После взлёта и набора высоты парень обнял и поцеловал свою спутницу. Отвернувшись от Оли, долго. Ей очень хотелась подглядеть! «Наверное, это настоящий “французский” поцелуй. А я ни разу не пробовала, и толком-то не знаю! Эх, попался бы мне такой вот учитель – экскурсовод-мушкетёр… И мы купим дом в предместье Парижа! И у меня будут роли, роли…» Она уснула, уснули и остальные.

… Аэропорт Шарль де Голль по-ночному тих. На стоянке такси нет очереди. Оле это показалось странным и даже обидным: «Это так-то сонно ждёт меня в гости город-карнавал?» Подъехала машина – скучающий водитель-араб.
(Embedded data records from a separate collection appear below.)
(* Let $S=\{s_1,\dots,s_p\}$ and let $F=\{C_1,\dots,C_q\}$ be a family of subsets of $S$ with $q\le p$ and $\bigcup_j C_j=S$. Construct the graph $G$ as follows: vertices $a_1,\dots,a_p$, $b_1,\dots,b_q$, $z_1,\dots,z_p$, $r_1,\dots,r_{p+1}$, $w$, $r'_{p+1}$; edges $a_ib_j$ whenever $s_i\in C_j$, $a_iz_i$ for all $i\in[p]$, $b_ir_j$ for all $i\in[q]$ and $j\in[p+1]$, and $r_{p+1}w$, $wr'_{p+1}$. Then $G$ is a comb-convex bipartite graph with parts $X=\{a_1,\dots,a_p,r_1,\dots,r_{p+1},r'_{p+1}\}$ and $Y=\{b_1,\dots,b_q,z_1,\dots,z_p,w\}$ (with respect to the comb on $X$ with backbone path $r_1r_2\cdots r_{p+1}$ and teeth $a_i$ attached to $r_i$ for $i\in[p]$ and $r'_{p+1}$ attached to $r_{p+1}$), and for every nonnegative integer $t$, $S$ has a cover of size at most $t$ if and only if $G$ has a vertex-edge dominating set of size at most $t+1$.
   Context: A cover of $S$ in the set system $(S,F)$ is a subfamily $C\subseteq F$ whose union is $S$. A vertex-edge dominating set of a graph $G$ is a set $D\subseteq V(G)$ such that for every edge $uv$, $(N_G[u]\cup N_G[v])\cap D\neq\emptyset$, where $N_G[x]$ is the closed neighbourhood of $x$. A comb is a tree obtained from a path (the backbone) by attaching one pendant vertex (a tooth) to each vertex of the path. A bipartite graph $G=(X\cup Y,E)$ is comb-convex if there is a comb $T$ with vertex set $X$ such that for every $y\in Y$, $N_G(y)$ induces a subtree of $T$. *)

From HB Require Import structures.
From mathcomp Require Import all_boot.
Set Implicit Arguments. Unset Strict Implicit. Unset Printing Implicit Defensive.

Section Generic.
Variable V : finType.

Definition cnbhd (e : rel V) (x : V) : {set V} := x |: [set y | e x y].
Definition onbhd (e : rel V) (x : V) : {set V} := [set y | e x y].

Definition ve_dominating (e : rel V) (D : {set V}) : Prop :=
  forall u v, e u v -> (cnbhd e u :|: cnbhd e v) :&: D != set0.

Definition bipartite_parts (e : rel V) (X Y : {set V}) : Prop :=
  [/\ X :&: Y = set0, X :|: Y = setT, symmetric e, irreflexive e &
      forall u v, e u v -> (u \in X) && (v \in Y) || (u \in Y) && (v \in X)].

(* T (an adjacency relation on V) is a comb with vertex set X: a backbone path
   bb 0 - bb 1 - ... - bb (k-1) with a pendant tooth tt i attached to bb i. *)
Definition is_comb (X : {set V}) (T : rel V) : Prop :=
  exists k (bb tt : 'I_k -> V),
    [/\ 0 < k, injective bb /\ injective tt, (forall i j, bb i != tt j),
        X = [set bb i | i : 'I_k] :|: [set tt i | i : 'I_k] &
        forall u v, T u v =
          [exists i : 'I_k, exists j : 'I_k, (j == i.+1 :> nat) &&
              (((u == bb i) && (v == bb j)) || ((u == bb j) && (v == bb i)))]
          || [exists i : 'I_k, ((u == bb i) && (v == tt i))
                                || ((u == tt i) && (v == bb i))]].

(* A induces a subtree of the tree T: A is nonempty and the subgraph of T
   induced by A is connected (a connected subgraph of a tree is a tree). *)
Definition induces_subtree (T : rel V) (A : {set V}) : Prop :=
  A != set0 /\
  {in A &, forall x y, connect [rel u v | T u v && (u \in A) && (v \in A)] x y}.

Definition comb_convex_wrt (e : rel V) (X Y : {set V}) (T : rel V) : Prop :=
  [/\ bipartite_parts e X Y, is_comb X T &
      forall y, y \in Y -> induces_subtree T (onbhd e y)].
End Generic.

(* Indices are 0-based: A i = a_(i+1), B j = b_(j+1), Z i = z_(i+1),
   R j = r_(j+1) (j : 'I_p.+1, so R ord_max = r_(p+1)), W = w, R' = r'_(p+1). *)
Inductive vtx (p q : nat) : Type :=
| VA of 'I_p | VB of 'I_q | VZ of 'I_p | VR of 'I_p.+1 | VW | VR'.
Arguments VW {p q}. Arguments VR' {p q}.

Section Construction.
Variables p q : nat.

Definition vtx_code (x : vtx p q) :
  'I_p + 'I_q + 'I_p + 'I_p.+1 + bool :=
  match x with
  | VA i => inl (inl (inl (inl i)))
  | VB j => inl (inl (inl (inr j)))
  | VZ i => inl (inl (inr i))
  | VR j => inl (inr j)
  | VW => inr true
  | VR' => inr false
  end.
Definition vtx_decode (c : 'I_p + 'I_q + 'I_p + 'I_p.+1 + bool) : vtx p q :=
  match c with
  | inl (inl (inl (inl i))) => VA q i
  | inl (inl (inl (inr j))) => VB p j
  | inl (inl (inr i)) => VZ q i
  | inl (inr j) => VR q j
  | inr true => VW
  | inr false => VR'
  end.
Lemma vtx_codeK : cancel vtx_code vtx_decode. Proof. by case. Qed.
HB.instance Definition _ := Equality.copy (vtx p q) (can_type vtx_codeK).
HB.instance Definition _ := Choice.copy (vtx p q) (can_type vtx_codeK).
HB.instance Definition _ := Countable.copy (vtx p q) (can_type vtx_codeK).
HB.instance Definition _ := Finite.copy (vtx p q) (can_type vtx_codeK).

Variable C : 'I_q -> {set 'I_p}.  (* C j = C_(j+1) as a subset of S = 'I_p *)

Definition G_arc (u v : vtx p q) : bool :=
  match u, v with
  | VA i, VB j => i \in C j
  | VA i, VZ k => i == k
  | VB _, VR _ => true
  | VR j, VW => j == ord_max
  | VW, VR' => true
  | _, _ => false
  end.
Definition G_adj : rel (vtx p q) := fun u v => G_arc u v || G_arc v u.

Definition X_part : {set vtx p q} :=
  [set x | match x with VA _ | VR _ | VR' => true | _ => false end].
Definition Y_part : {set vtx p q} :=
  [set x | match x with VB _ | VZ _ | VW => true | _ => false end].

Definition comb_arc (u v : vtx p q) : bool :=
  match u, v with
  | VR j, VR j' => j'.+1 == j :> nat
  | VA i, VR j => j == widen_ord (leqnSn p) i
  | VR' , VR j => j == ord_max
  | _, _ => false
  end.
Definition comb_adj : rel (vtx p q) := fun u v => comb_arc u v || comb_arc v u.
End Construction.

From HB Require Import structures.
From mathcomp Require Import all_boot.
Set Implicit Arguments. Unset Strict Implicit. Unset Printing Implicit Defensive.

(* A cover Cv yields the dominating set {r_(p+1)} u {b_j | j in Cv}: the closed
   neighbourhood of r_(p+1) contains every b_j and w, so only the edges a_i z_i
   remain, and the cover handles them.  Conversely, the edge w r'_(p+1) forces a
   vertex of D into {w, r_(p+1), r'_(p+1)}; each other vertex of D contributes
   at most one set (C_j for b_j, some set containing s_i for a_i or z_i), and
   the edges a_i z_i force these sets to cover S.  Comb-convexity holds because
   N(b_j) is the backbone together with some teeth, N(z_i) = {a_i} and
   N(w) = {r_(p+1), r'_(p+1)}. *)

Lemma induces_subtree_star (V : finType) (T : rel V) (A : {set V}) (r : V) :
  symmetric T -> r \in A ->
  (forall x, x \in A -> connect [rel u v | T u v && (u \in A) && (v \in A)] x r) ->
  induces_subtree T A.
Proof.
move=> symT rA to_r; split; first by apply/set0Pn; exists r.
move=> x y xA yA; apply: connect_trans (to_r x xA) _.
rewrite sym_connect_sym; first exact: to_r.
by move=> u v /=; rewrite symT andbAC.
Qed.

Lemma card_Some_preimage_lt (T : finType) (A : {set option T}) :
  None \in A -> #|[set x | Some x \in A]| < #|A|.
Proof.
move=> NA; rewrite (cardsD1 None A) NA add1n ltnS.
rewrite -(card_imset _ (@Some_inj _)); apply: subset_leq_card.
by apply/subsetP => o /imsetP [x]; rewrite !inE => xA ->.
Qed.

Section CoverReduction.
Variables (p q : nat) (C : 'I_q -> {set 'I_p}).
Notation V := (vtx p q).
Notation N := (cnbhd (G_adj C)).

Lemma meet_cnbhdU (D : {set V}) u v x :
  x \in D -> x \in N u :|: N v -> (N u :|: N v) :&: D != set0.
Proof. by move=> xD xN; apply/set0Pn; exists x; rewrite inE xN xD. Qed.

Lemma cover_ve_dominating (Cv : {set 'I_q}) :
  \bigcup_(j in Cv) C j = [set: 'I_p] ->
  ve_dominating (G_adj C) (VR q ord_max |: [set VB p j | j in Cv]).
Proof.
move=> cov; set D := _ |: _.
have rD : VR q ord_max \in D by rewrite !inE eqxx.
suff arc_dom u v : G_arc C u v -> (N u :|: N v) :&: D != set0.
  by move=> u v /orP [/arc_dom | /arc_dom]; rewrite // setUC.
case: u => [i|j|i|k||]; case: v => [i'|j'|i'|k'||] //= uv.
- by apply: (meet_cnbhdU rD); rewrite !inE /G_adj /= ?orbT.
- have /bigcupP [j jCv iCj] : i \in \bigcup_(j in Cv) C j by rewrite cov inE.
  apply: (@meet_cnbhdU _ _ _ (VB p j)); first by rewrite !inE imset_f ?orbT.
  by rewrite !inE /G_adj /= iCj.
- by apply: (meet_cnbhdU rD); rewrite !inE /G_adj /= ?orbT.
- by apply: (meet_cnbhdU rD); move/eqP: uv => ->; rewrite !inE eqxx.
- by apply: (meet_cnbhdU rD); rewrite !inE /G_adj /= ?eqxx ?orbT.
Qed.

Definition cover_index (x : V) : option 'I_q :=
  match x with
  | VB j => Some j
  | VA i | VZ i => [pick j | i \in C j]
  | _ => None
  end.

Definition index_cover (D : {set V}) : {set 'I_q} :=
  [set j | Some j \in cover_index @: D].

Lemma card_index_cover_lt (D : {set V}) :
  ve_dominating (G_adj C) D -> #|index_cover D| < #|D|.
Proof.
move=> dom; apply: leq_trans (leq_imset_card cover_index D).
apply: card_Some_preimage_lt.
have /set0Pn [x] := dom VW VR' isT.
rewrite !inE => /andP [xN xD]; apply/imsetP; exists x => //.
by case: x xN {xD}.
Qed.

Hypothesis cov : \bigcup_(j < q) C j = [set: 'I_p].

Lemma cover_index_near (i : 'I_p) x :
  x \in N (VA q i) :|: N (VZ q i) -> exists2 j, cover_index x = Some j & i \in C j.
Proof.
have picked : exists2 j, [pick j | i \in C j] = Some j & i \in C j.
  case: pickP => [j iCj | noC]; first by exists j.
  have /bigcupP [j _] : i \in \bigcup_(j < q) C j by rewrite cov inE.
  by rewrite noC.
rewrite !inE /G_adj; case: x => [a|b|a|r||] //=; rewrite ?orbF.
- by case/orP => [/eqP [->] | /eqP ->].
- by exists b.
- by case/orP => [/eqP <- | /eqP [->]].
Qed.

Lemma index_cover_covers (D : {set V}) :
  ve_dominating (G_adj C) D -> \bigcup_(j in index_cover D) C j = [set: 'I_p].
Proof.
move=> dom; apply/setP => i; rewrite inE; apply/bigcupP.
have az_edge : G_adj C (VA q i) (VZ q i) by rewrite /G_adj /= eqxx.
have /set0Pn [x] := dom _ _ az_edge.
rewrite inE => /andP [/cover_index_near [j xj iCj] xD].
by exists j; rewrite // inE -xj imset_f.
Qed.

End CoverReduction.

Section CombConvexity.
Variables (p q : nat) (C : 'I_q -> {set 'I_p}).
Notation V := (vtx p q).

Lemma G_bipartite : bipartite_parts (G_adj C) (@X_part p q) (@Y_part p q).
Proof.
split.
- by apply/setP => x; rewrite !inE; case: x.
- by apply/setP => x; rewrite !inE; case: x.
- by move=> u v; rewrite /G_adj orbC.
- by move=> x; rewrite /G_adj; case: x.
- by move=> u v; rewrite /G_adj !inE; case: u; case: v.
Qed.

Definition comb_tooth (j : 'I_p.+1) : V :=
  if unlift ord_max j is Some i then VA q i else VR'.

Lemma comb_tooth_lift (i : 'I_p) : comb_tooth (lift ord_max i) = VA q i.
Proof. by rewrite /comb_tooth liftK. Qed.

Lemma comb_tooth_max : comb_tooth ord_max = VR'.
Proof. by rewrite /comb_tooth unlift_none. Qed.

Lemma widen_lift_max (i : 'I_p) : widen_ord (leqnSn p) i = lift ord_max i.
Proof. by apply: val_inj; rewrite [RHS]lift_max. Qed.

Lemma comb_toothP (j : 'I_p.+1) : comb_tooth j = VR' \/ exists i, comb_tooth j = VA q i.
Proof.
by case: (unliftP ord_max j) => [i|] ->;
  rewrite ?comb_tooth_lift ?comb_tooth_max; [right; exists i | left].
Qed.

Lemma comb_tooth_inj : injective comb_tooth.
Proof.
move=> j k; case: (unliftP ord_max j) => [j'|] ->;
  case: (unliftP ord_max k) => [k'|] ->;
  by rewrite ?comb_tooth_lift ?comb_tooth_max // => [[->]].
Qed.

Lemma X_part_comb :
  @X_part p q = [set VR q j | j : 'I_p.+1] :|: [set comb_tooth j | j : 'I_p.+1].
Proof.
apply/setP => x; rewrite !inE; apply/esym.
case: x => [i|j|i|k||] /=.
2,3,5: by apply: negbTE; apply/norP; split; apply/imsetP => -[k _] //;
  case: (comb_toothP k) => [|[a]] ->.
- by rewrite -comb_tooth_lift imset_f ?orbT.
- by rewrite imset_f.
- by rewrite -comb_tooth_max imset_f ?orbT.
Qed.

Lemma comb_adjE (u v : V) :
  comb_adj u v =
    [exists i : 'I_p.+1, exists j : 'I_p.+1, (j == i.+1 :> nat) &&
        (((u == VR q i) && (v == VR q j)) || ((u == VR q j) && (v == VR q i)))]
    || [exists i : 'I_p.+1, ((u == VR q i) && (v == comb_tooth i))
                            || ((u == comb_tooth i) && (v == VR q i))].
Proof.
apply/idP/idP.
- rewrite /comb_adj; case: u => [a|b|a|k||]; case: v => [a'|b'|a'|k'||] //=;
    rewrite ?orbF ?widen_lift_max => uv; apply/orP.
  + right; apply/existsP; exists (lift ord_max a).
    by rewrite comb_tooth_lift (eqP uv) !eqxx ?orbT.
  + right; apply/existsP; exists (lift ord_max a').
    by rewrite comb_tooth_lift (eqP uv) !eqxx ?orbT.
  + left; case/orP: uv => /eqP uv; apply/existsP; [exists k' | exists k];
      apply/existsP; [exists k | exists k']; by rewrite uv !eqxx ?orbT.
  + right; apply/existsP; exists ord_max.
    by rewrite comb_tooth_max (eqP uv) !eqxx ?orbT.
  + right; apply/existsP; exists ord_max.
    by rewrite comb_tooth_max (eqP uv) !eqxx ?orbT.
- case/orP.
  + case/existsP => i /existsP [j] /andP [/eqP ij].
    by case/orP => /andP [/eqP -> /eqP ->]; rewrite /comb_adj /= ij eqxx ?orbT.
  + case/existsP => i; case: (unliftP ord_max i) => [i'|] ->;
      rewrite ?comb_tooth_lift ?comb_tooth_max;
      by case/orP => /andP [/eqP -> /eqP ->]; rewrite /comb_adj /= ?widen_lift_max eqxx ?orbT.
Qed.

Lemma comb_adj_is_comb : is_comb (@X_part p q) (@comb_adj p q).
Proof.
exists p.+1, (@VR p q), comb_tooth; split => //.
- by split; [move=> j k [] | exact: comb_tooth_inj].
- by move=> j k; case: (comb_toothP k) => [|[a]] ->.
- exact: X_part_comb.
- exact: comb_adjE.
Qed.

Lemma comb_adj_sym : symmetric (@comb_adj p q).
Proof. by move=> u v; rewrite /comb_adj orbC. Qed.

Lemma G_nbhd_subtree y :
  y \in @Y_part p q -> induces_subtree (@comb_adj p q) (onbhd (G_adj C) y).
Proof.
rewrite inE; case: y => [i|j|i|k||] // _.
- apply: (@induces_subtree_star _ _ _ (VR q ord0) comb_adj_sym).
    by rewrite inE.
  set A := onbhd _ _.
  have backbone_to_r1 (k : 'I_p.+1) :
      connect [rel u v | comb_adj u v && (u \in A) && (v \in A)] (VR q k) (VR q ord0).
    case: k => k; elim: k => [|k IHk] k_lt; first by apply/eq_connect0/congr1/val_inj.
    apply: connect_trans (IHk (ltnW k_lt)); apply: connect1.
    by rewrite /= /comb_adj !inE /G_adj /= eqxx.
  case=> [a|b|a|k||]; rewrite inE /G_adj //= => aCj.
  apply: connect_trans (backbone_to_r1 (lift ord_max a)); apply: connect1.
  by rewrite /= /comb_adj !inE /G_adj /= widen_lift_max eqxx aCj.
- apply: (@induces_subtree_star _ _ _ (VA q i) comb_adj_sym).
    by rewrite inE /G_adj /= eqxx.
  by case=> [a|b|a|k||]; rewrite inE /G_adj //= ?orbF => /eqP ->.
- apply: (@induces_subtree_star _ _ _ (VR q ord_max) comb_adj_sym).
    by rewrite inE /G_adj /= eqxx.
  case=> [a|b|a|k||]; rewrite inE /G_adj //= ?orbF.
  + by move/eqP ->.
  + by move=> _; apply: connect1; rewrite /= /comb_adj !inE /G_adj /= eqxx.
Qed.

End CombConvexity.

Theorem lemma4 (p q : nat) (C : 'I_q -> {set 'I_p}) :
  q <= p ->
  \bigcup_(j < q) C j = [set: 'I_p] ->
  comb_convex_wrt (G_adj C) (@X_part p q) (@Y_part p q) (@comb_adj p q) /\
  (forall t : nat,
     (exists Cv : {set 'I_q}, #|Cv| <= t /\ \bigcup_(j in Cv) C j = [set: 'I_p])
     <->
     (exists D : {set vtx p q}, #|D| <= t.+1 /\ ve_dominating (G_adj C) D)).
Proof.
move=> _ cov; split.
  by split; [exact: G_bipartite | exact: comb_adj_is_comb | exact: G_nbhd_subtree].
move=> t; split.
- move=> [Cv [Cv_le Cv_cov]].
  exists (VR q ord_max |: [set VB p j | j in Cv]); split; last exact: cover_ve_dominating.
  rewrite cardsU1 -add1n leq_add ?leq_b1 //.
  exact: leq_trans (leq_imset_card _ _) Cv_le.
- move=> [D [D_le D_dom]]; exists (index_cover C D); split.
    by rewrite -ltnS (leq_trans (card_index_cover_lt D_dom)).
  exact: index_cover_covers.
Qed.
– Когда ты, пап, наконец, начнёшь раскрывать нам свои планы? Твои сюрпризы-секретики, ну хоть капельку! – «запричитала» дочка в такси.

– Не беспокойся. С утра будем обсуждать диспозицию – план на один день. Все должны быть собраны внутренне и внешне. Как в походе. – Заведующий центром важничал. – Я всё наметил, всю логистику отдыха!

– «Логистика отдыха»! Ничего себе термин! – фыркнула Оля.

– Да, наметил… Так как знаю город неплохо. Учёл режим работы мест наших посещений. – Глаза отца, карие в «штатном режиме», играли сейчас каким-то болотным оттенком – сочетание даже нескольких серо-зелёно-бурых цветов. Это означало, что он недоволен. Особенно плохо было, если «серым» был «забрызган» левый глаз.

– При этом, – продолжал логист-лингвист, – каждый, разумеется, имеет право высказаться, уединиться или объединиться по группам… по интересам.

– Например, мальчики – налево, тётки – в магазин, – вставил Матвей Корнеевич и добавил, подняв указательный палец: – Исключительное право на свободу без объяснений только у меня. Минимум прав – у девицы Оли. Париж – город опасных, развязных «мушкетёров».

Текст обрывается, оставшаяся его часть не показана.